╔══
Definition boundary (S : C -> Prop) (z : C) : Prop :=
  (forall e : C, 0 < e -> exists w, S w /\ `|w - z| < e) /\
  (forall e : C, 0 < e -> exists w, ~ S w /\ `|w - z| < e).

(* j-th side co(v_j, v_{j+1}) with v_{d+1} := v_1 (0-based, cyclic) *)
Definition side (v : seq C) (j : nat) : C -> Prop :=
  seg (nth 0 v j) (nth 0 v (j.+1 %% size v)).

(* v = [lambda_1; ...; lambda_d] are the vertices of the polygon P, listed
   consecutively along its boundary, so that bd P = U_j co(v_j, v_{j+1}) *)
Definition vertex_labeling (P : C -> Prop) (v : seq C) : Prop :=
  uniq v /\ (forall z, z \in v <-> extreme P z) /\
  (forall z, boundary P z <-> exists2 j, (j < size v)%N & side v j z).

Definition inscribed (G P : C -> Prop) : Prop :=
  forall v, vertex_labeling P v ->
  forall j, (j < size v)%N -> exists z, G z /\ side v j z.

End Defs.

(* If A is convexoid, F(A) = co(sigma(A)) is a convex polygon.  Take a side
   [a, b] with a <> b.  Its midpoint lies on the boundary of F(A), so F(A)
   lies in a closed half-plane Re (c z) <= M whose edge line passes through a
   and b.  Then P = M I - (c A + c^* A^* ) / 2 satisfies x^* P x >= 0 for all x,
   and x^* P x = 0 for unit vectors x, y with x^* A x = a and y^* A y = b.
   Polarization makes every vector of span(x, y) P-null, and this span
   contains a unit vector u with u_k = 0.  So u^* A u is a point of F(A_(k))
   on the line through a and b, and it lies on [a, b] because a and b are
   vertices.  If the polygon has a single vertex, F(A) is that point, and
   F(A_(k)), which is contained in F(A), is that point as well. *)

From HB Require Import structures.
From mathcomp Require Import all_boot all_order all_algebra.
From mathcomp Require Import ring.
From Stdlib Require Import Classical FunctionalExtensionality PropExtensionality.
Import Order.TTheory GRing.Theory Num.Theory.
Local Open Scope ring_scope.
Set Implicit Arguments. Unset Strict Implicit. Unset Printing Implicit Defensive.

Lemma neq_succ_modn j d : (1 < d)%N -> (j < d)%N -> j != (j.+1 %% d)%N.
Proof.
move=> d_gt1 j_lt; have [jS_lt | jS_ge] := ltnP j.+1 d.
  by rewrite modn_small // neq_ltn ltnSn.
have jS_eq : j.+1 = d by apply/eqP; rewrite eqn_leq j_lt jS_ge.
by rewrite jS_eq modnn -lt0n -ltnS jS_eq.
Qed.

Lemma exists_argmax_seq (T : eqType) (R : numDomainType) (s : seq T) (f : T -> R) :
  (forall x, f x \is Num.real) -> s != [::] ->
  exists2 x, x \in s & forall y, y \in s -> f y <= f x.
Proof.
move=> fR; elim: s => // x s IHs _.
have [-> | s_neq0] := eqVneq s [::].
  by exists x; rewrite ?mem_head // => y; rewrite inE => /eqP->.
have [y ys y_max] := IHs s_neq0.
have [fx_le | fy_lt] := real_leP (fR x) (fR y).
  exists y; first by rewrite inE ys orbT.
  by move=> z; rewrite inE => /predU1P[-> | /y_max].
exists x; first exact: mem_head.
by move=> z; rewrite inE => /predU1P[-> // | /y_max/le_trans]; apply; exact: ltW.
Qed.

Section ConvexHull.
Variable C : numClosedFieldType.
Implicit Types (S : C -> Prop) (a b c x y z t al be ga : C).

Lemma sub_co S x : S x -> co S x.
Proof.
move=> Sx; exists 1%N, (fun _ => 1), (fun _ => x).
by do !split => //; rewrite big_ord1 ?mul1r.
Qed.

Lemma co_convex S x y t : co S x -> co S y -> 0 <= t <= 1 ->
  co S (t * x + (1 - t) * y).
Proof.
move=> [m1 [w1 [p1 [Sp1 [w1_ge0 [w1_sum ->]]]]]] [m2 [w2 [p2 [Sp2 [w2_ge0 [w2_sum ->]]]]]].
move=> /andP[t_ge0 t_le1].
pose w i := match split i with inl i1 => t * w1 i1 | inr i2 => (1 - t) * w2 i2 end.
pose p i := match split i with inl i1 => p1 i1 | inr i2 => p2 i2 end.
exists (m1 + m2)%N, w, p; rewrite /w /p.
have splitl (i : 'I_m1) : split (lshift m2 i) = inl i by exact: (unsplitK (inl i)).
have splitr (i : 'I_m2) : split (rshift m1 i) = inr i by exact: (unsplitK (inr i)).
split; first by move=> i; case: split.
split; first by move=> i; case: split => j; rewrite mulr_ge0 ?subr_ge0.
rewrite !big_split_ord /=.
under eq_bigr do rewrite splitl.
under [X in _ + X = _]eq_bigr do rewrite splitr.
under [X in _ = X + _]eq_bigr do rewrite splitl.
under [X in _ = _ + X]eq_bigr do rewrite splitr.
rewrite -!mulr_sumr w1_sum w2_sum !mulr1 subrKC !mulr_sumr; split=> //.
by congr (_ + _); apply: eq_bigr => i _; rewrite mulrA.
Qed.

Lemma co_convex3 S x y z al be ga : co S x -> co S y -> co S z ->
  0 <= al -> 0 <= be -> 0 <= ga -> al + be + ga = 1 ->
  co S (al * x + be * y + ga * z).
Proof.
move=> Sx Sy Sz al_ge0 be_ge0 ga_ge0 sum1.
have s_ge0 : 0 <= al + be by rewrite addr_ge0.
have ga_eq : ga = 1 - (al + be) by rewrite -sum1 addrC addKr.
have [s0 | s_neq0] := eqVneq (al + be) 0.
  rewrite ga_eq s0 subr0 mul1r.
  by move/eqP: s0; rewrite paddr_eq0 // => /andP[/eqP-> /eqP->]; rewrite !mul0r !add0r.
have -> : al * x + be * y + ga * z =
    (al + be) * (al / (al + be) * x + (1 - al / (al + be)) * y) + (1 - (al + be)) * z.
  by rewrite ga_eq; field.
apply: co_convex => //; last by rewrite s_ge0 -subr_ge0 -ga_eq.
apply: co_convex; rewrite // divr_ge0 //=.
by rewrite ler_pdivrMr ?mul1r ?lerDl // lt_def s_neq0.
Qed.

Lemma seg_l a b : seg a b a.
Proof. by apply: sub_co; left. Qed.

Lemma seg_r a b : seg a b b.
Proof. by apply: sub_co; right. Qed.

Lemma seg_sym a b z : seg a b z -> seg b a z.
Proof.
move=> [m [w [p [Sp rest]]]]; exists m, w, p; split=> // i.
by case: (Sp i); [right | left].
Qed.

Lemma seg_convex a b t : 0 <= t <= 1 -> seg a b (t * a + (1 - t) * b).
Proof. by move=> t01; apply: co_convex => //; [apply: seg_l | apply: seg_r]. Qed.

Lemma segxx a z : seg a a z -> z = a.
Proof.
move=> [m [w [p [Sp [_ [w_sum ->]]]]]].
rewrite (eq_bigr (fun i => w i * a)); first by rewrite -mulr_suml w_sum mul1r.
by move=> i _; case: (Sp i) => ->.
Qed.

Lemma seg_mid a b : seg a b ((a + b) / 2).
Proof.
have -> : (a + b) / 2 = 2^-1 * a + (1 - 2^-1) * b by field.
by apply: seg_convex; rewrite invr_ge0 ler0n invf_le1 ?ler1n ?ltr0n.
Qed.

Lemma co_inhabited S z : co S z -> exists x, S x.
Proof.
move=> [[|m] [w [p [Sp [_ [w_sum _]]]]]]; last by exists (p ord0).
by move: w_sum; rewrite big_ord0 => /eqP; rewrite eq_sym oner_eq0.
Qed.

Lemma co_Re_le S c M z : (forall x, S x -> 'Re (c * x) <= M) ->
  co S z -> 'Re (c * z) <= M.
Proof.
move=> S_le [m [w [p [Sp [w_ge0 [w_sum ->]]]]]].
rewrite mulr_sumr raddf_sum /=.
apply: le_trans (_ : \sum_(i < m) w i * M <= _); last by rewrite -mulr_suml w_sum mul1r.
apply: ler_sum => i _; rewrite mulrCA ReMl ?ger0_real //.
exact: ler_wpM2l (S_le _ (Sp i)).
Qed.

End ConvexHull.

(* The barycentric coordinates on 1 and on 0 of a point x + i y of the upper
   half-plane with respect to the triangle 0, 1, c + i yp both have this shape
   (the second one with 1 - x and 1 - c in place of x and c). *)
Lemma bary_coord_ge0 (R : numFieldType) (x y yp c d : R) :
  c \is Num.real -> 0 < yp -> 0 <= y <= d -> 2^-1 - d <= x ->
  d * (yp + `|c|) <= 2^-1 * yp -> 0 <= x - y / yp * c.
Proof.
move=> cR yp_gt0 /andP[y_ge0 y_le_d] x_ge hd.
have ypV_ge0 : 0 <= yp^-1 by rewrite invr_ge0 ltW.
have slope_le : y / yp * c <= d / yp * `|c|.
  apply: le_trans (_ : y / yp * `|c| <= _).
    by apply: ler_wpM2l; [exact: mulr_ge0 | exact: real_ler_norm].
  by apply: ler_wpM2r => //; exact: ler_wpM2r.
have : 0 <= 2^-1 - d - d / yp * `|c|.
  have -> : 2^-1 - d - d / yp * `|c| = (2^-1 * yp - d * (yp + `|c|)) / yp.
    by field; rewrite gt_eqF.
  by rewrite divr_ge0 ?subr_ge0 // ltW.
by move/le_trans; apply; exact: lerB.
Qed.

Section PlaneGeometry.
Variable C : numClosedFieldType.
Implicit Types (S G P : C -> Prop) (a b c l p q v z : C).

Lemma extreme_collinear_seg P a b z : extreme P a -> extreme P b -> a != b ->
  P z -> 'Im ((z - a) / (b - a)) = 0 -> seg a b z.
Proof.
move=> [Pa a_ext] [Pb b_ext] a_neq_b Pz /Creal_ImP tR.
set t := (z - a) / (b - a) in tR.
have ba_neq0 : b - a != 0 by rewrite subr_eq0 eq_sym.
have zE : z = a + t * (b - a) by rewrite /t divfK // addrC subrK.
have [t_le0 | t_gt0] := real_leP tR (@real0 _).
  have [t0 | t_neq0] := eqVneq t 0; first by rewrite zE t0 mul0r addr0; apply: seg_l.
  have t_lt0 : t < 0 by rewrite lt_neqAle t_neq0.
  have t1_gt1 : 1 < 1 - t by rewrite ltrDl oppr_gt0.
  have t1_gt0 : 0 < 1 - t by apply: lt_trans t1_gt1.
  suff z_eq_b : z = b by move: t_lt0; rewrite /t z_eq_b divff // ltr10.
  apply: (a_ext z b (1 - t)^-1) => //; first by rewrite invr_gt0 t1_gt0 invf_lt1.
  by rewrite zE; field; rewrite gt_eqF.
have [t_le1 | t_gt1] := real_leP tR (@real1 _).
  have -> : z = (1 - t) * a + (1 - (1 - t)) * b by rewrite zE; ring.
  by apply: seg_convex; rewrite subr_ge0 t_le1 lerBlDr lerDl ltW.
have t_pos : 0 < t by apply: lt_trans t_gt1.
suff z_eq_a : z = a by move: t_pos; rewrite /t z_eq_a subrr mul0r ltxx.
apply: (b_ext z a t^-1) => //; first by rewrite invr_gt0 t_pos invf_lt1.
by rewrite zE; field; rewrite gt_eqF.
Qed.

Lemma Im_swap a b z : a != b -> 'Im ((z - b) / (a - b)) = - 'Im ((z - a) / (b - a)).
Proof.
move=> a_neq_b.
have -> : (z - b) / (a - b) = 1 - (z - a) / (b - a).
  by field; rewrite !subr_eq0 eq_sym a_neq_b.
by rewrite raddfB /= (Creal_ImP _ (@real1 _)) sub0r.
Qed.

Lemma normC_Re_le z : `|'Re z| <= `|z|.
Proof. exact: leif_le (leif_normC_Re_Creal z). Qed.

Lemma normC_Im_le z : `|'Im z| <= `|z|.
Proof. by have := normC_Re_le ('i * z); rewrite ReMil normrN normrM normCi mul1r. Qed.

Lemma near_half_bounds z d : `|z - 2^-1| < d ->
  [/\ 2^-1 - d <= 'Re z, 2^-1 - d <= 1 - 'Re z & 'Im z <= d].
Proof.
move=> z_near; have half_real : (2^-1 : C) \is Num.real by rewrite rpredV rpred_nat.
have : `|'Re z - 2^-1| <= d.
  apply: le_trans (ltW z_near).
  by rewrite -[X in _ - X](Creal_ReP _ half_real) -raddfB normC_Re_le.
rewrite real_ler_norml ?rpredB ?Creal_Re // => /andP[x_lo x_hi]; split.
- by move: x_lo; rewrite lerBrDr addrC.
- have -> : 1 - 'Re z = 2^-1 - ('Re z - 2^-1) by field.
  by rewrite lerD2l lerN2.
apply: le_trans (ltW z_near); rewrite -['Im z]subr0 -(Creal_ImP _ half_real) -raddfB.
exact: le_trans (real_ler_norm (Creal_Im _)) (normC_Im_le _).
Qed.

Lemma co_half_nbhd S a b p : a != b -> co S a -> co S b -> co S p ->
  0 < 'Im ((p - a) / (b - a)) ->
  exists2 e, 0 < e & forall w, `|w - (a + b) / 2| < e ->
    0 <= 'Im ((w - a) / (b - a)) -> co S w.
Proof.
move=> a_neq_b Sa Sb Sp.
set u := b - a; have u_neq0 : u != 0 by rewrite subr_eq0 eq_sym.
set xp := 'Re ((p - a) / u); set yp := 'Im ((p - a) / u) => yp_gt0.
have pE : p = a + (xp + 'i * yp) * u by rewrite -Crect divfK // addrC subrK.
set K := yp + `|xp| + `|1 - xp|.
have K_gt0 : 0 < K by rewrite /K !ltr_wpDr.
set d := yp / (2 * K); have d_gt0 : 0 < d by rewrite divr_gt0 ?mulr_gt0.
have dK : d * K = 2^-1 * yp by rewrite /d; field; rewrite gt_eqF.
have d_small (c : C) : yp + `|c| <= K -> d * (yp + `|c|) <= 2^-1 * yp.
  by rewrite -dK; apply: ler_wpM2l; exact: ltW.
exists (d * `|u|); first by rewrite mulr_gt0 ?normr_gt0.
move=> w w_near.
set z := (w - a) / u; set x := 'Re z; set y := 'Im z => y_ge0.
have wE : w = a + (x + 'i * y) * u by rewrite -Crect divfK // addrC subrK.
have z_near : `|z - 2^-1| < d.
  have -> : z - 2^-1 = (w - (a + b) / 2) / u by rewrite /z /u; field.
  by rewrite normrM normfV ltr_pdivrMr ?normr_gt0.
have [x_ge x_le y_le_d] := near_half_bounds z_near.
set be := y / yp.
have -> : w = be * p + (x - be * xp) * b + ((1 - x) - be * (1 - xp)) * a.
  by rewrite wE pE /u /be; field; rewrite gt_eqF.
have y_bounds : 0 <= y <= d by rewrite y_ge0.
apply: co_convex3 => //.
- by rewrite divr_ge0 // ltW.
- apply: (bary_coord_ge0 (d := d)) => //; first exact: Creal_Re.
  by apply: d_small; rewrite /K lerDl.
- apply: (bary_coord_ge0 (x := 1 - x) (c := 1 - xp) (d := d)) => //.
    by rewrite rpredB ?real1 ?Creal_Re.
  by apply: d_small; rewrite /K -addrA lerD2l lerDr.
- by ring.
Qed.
╚══
╔══
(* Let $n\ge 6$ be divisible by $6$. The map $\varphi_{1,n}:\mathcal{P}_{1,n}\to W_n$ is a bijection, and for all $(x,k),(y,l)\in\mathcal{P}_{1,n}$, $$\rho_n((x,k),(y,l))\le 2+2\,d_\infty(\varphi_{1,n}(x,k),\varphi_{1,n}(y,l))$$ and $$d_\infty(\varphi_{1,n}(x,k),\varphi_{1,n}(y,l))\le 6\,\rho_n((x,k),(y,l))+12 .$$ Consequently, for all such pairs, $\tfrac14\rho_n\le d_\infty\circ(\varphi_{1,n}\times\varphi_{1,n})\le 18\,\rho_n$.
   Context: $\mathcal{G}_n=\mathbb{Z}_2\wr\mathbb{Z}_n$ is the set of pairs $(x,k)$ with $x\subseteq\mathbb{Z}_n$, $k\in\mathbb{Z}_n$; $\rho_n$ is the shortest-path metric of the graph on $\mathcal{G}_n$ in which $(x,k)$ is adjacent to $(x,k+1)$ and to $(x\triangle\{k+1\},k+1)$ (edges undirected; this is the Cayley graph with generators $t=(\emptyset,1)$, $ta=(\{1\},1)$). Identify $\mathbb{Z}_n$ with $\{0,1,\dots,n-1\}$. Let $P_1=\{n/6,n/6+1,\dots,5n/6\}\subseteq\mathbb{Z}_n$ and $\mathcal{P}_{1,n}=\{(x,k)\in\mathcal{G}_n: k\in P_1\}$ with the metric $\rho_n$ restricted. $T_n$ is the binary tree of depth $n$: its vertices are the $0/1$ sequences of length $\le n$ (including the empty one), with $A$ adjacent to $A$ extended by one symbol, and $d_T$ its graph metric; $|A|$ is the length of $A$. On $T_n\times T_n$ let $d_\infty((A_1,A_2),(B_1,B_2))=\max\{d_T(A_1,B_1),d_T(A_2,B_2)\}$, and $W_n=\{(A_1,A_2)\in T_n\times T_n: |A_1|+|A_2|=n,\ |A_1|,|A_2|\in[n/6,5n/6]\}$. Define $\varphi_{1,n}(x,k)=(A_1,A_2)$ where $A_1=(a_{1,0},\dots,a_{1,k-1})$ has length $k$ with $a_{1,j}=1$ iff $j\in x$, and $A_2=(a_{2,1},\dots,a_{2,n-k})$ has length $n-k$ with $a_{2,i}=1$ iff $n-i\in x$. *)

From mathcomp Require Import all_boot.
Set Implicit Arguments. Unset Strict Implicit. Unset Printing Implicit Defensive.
╚══
- **DIRECTIONS**:
Would you print exactly and only the lines of the material above that run from the line with "have -> : (a" through the line with "have slope_le : y", both included?

- **RESULT**:
have -> : (a + b) / 2 = 2^-1 * a + (1 - 2^-1) * b by field.
by apply: seg_convex; rewrite invr_ge0 ler0n invf_le1 ?ler1n ?ltr0n.
Qed.

Lemma co_inhabited S z : co S z -> exists x, S x.
Proof.
move=> [[|m] [w [p [Sp [_ [w_sum _]]]]]]; last by exists (p ord0).
by move: w_sum; rewrite big_ord0 => /eqP; rewrite eq_sym oner_eq0.
Qed.

Lemma co_Re_le S c M z : (forall x, S x -> 'Re (c * x) <= M) ->
  co S z -> 'Re (c * z) <= M.
Proof.
move=> S_le [m [w [p [Sp [w_ge0 [w_sum ->]]]]]].
rewrite mulr_sumr raddf_sum /=.
apply: le_trans (_ : \sum_(i < m) w i * M <= _); last by rewrite -mulr_suml w_sum mul1r.
apply: ler_sum => i _; rewrite mulrCA ReMl ?ger0_real //.
exact: ler_wpM2l (S_le _ (Sp i)).
Qed.

End ConvexHull.

(* The barycentric coordinates on 1 and on 0 of a point x + i y of the upper
   half-plane with respect to the triangle 0, 1, c + i yp both have this shape
   (the second one with 1 - x and 1 - c in place of x and c). *)
Lemma bary_coord_ge0 (R : numFieldType) (x y yp c d : R) :
  c \is Num.real -> 0 < yp -> 0 <= y <= d -> 2^-1 - d <= x ->
  d * (yp + `|c|) <= 2^-1 * yp -> 0 <= x - y / yp * c.
Proof.
move=> cR yp_gt0 /andP[y_ge0 y_le_d] x_ge hd.
have ypV_ge0 : 0 <= yp^-1 by rewrite invr_ge0 ltW.
have slope_le : y / yp * c <= d / yp * `|c|.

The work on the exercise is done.